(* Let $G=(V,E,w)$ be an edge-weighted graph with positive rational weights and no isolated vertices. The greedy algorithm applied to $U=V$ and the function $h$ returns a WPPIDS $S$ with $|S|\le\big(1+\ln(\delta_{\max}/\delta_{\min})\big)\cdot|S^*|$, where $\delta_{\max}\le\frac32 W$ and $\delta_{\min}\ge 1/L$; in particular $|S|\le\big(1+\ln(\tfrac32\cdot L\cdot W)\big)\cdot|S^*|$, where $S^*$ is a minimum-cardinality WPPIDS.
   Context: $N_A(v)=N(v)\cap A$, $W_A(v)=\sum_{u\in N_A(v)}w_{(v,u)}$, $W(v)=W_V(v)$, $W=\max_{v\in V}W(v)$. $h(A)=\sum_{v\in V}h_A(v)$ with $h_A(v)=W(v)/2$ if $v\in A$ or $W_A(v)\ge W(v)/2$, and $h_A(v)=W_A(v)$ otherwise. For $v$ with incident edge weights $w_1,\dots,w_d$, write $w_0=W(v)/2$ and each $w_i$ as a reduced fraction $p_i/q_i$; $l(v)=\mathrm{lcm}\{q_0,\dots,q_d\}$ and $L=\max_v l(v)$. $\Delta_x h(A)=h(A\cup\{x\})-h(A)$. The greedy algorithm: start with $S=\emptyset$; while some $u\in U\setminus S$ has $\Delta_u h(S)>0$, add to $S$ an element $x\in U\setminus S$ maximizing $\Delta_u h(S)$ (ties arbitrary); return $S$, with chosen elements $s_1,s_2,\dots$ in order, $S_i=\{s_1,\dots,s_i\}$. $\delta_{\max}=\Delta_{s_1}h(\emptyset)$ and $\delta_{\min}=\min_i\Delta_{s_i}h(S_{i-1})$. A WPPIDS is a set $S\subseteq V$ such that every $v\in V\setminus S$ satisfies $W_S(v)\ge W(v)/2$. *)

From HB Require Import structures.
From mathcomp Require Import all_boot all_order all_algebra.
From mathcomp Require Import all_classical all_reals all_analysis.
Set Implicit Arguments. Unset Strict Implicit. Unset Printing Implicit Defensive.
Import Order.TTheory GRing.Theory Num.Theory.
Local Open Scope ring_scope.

◇ ◇ ◇ ◇ ◇

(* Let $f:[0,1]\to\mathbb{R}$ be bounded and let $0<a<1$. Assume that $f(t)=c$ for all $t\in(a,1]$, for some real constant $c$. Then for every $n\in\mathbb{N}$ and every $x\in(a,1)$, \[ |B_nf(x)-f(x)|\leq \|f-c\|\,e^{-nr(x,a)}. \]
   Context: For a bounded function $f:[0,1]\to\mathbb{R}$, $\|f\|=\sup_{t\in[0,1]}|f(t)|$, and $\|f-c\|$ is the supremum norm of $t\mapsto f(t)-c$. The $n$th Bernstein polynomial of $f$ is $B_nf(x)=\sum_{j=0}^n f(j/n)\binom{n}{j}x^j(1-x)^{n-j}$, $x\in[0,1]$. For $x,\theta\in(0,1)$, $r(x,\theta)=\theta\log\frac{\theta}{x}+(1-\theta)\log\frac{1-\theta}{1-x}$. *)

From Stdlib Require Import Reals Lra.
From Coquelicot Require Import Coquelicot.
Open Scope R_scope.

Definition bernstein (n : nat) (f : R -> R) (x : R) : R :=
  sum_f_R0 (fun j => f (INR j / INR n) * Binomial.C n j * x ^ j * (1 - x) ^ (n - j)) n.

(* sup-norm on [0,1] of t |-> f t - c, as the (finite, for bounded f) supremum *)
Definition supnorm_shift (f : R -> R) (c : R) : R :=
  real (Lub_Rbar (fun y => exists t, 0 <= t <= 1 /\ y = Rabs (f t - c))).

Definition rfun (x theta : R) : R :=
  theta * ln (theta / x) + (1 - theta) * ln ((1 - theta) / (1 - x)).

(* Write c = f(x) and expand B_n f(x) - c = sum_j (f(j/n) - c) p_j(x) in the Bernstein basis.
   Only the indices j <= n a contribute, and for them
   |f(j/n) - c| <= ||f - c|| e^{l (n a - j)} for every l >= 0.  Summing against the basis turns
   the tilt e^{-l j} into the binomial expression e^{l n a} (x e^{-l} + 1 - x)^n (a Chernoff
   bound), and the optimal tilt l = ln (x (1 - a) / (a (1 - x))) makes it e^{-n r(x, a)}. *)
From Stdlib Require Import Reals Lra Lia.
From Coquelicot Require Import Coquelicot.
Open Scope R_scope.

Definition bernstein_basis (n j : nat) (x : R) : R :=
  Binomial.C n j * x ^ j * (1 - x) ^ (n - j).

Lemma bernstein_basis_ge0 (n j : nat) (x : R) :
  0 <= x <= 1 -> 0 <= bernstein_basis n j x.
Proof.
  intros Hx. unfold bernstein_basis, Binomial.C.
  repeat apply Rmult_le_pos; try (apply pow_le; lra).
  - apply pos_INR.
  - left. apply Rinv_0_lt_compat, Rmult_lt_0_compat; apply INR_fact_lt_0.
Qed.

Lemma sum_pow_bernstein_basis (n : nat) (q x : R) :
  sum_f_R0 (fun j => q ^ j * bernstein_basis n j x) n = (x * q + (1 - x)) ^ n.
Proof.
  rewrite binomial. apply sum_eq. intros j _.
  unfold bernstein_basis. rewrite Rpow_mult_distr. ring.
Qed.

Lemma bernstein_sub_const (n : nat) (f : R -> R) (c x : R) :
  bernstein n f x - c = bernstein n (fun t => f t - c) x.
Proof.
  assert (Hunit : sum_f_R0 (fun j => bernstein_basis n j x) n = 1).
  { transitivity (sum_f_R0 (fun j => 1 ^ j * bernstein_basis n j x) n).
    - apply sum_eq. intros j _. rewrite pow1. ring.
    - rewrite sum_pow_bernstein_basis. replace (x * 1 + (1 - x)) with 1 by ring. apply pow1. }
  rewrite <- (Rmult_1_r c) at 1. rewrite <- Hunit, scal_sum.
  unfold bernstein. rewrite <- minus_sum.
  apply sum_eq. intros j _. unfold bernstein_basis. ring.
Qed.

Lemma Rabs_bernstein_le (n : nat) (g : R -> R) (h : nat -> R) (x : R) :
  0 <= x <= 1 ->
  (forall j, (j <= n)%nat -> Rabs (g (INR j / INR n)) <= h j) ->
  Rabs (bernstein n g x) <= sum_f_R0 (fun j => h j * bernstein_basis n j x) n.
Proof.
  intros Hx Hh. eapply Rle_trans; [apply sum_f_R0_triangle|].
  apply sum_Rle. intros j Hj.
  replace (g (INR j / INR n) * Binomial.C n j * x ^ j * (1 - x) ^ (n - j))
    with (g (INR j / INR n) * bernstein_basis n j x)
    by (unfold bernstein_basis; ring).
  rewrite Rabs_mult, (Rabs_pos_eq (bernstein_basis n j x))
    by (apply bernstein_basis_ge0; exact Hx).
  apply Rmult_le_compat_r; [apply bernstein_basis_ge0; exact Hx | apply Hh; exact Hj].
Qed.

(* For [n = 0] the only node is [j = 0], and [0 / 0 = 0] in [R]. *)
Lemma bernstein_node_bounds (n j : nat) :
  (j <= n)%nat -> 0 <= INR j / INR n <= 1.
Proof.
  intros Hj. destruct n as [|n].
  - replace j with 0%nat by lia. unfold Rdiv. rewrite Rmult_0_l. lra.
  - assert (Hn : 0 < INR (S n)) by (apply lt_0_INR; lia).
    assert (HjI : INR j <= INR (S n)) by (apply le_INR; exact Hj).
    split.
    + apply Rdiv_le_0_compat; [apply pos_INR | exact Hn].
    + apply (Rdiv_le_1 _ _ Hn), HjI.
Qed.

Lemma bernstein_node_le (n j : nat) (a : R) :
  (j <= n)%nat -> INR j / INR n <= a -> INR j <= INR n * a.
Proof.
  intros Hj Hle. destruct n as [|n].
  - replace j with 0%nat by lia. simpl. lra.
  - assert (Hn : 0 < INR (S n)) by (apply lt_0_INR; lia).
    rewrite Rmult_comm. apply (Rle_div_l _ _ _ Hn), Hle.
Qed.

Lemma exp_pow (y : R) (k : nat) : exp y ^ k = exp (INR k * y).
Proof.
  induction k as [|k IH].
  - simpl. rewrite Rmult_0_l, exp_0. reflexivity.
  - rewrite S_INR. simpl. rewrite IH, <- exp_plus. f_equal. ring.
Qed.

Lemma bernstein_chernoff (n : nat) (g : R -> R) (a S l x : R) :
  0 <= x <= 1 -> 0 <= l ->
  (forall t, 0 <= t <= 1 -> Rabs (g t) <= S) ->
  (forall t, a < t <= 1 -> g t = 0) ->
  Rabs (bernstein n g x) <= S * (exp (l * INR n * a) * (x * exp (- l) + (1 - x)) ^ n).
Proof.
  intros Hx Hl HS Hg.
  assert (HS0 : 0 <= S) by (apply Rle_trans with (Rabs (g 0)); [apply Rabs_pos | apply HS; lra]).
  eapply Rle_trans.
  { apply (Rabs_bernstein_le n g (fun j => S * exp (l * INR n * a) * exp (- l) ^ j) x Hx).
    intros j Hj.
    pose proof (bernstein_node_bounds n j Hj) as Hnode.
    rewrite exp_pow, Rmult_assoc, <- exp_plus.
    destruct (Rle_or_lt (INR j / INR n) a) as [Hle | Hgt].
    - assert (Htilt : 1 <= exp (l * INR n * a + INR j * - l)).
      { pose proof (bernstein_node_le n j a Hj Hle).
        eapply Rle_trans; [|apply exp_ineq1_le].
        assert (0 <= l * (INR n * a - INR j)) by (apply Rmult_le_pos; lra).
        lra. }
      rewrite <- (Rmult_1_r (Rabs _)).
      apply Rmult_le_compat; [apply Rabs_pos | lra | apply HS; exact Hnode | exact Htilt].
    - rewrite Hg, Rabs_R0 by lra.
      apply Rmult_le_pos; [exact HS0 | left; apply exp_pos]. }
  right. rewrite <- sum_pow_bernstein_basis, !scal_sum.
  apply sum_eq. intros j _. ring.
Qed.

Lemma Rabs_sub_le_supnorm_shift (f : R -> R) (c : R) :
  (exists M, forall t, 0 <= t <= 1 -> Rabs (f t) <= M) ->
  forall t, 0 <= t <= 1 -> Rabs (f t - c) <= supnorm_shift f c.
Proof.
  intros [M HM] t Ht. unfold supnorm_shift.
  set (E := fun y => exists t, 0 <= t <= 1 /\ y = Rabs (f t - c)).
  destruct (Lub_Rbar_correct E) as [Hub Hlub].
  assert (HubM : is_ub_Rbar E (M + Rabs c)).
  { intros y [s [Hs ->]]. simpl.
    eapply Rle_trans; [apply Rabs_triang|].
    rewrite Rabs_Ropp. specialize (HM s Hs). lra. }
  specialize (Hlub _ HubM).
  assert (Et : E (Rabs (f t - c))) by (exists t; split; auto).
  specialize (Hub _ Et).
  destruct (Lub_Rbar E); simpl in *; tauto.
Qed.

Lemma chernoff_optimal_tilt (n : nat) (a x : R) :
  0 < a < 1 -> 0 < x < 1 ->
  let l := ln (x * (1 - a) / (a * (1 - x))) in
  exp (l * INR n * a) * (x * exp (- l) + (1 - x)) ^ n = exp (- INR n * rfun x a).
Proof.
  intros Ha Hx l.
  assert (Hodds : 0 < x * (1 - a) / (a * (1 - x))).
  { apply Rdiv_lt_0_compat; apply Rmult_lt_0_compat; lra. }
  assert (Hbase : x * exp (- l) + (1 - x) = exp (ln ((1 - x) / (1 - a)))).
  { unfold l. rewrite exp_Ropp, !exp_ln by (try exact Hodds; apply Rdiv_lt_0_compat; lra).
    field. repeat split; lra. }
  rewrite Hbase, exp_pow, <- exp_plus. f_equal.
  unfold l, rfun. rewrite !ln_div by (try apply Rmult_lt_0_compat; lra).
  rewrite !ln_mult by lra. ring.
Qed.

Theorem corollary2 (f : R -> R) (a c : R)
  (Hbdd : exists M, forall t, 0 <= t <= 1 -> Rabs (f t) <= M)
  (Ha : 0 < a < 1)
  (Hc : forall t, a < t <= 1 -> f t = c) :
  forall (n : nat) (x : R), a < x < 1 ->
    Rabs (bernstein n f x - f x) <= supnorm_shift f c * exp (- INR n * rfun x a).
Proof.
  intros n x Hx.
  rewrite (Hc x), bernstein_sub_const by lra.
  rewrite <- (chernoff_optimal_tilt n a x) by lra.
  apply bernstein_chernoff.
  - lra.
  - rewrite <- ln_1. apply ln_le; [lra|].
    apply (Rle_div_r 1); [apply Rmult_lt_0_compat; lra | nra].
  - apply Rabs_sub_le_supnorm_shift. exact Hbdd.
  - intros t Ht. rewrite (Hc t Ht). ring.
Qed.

◇ ◇ ◇ ◇ ◇

§ **Task details**
From the entries above, copy every line where the word "HubM" shows up.

§ **Response to the exercise**
  assert (HubM : is_ub_Rbar E (M + Rabs c)).
  specialize (Hlub _ HubM).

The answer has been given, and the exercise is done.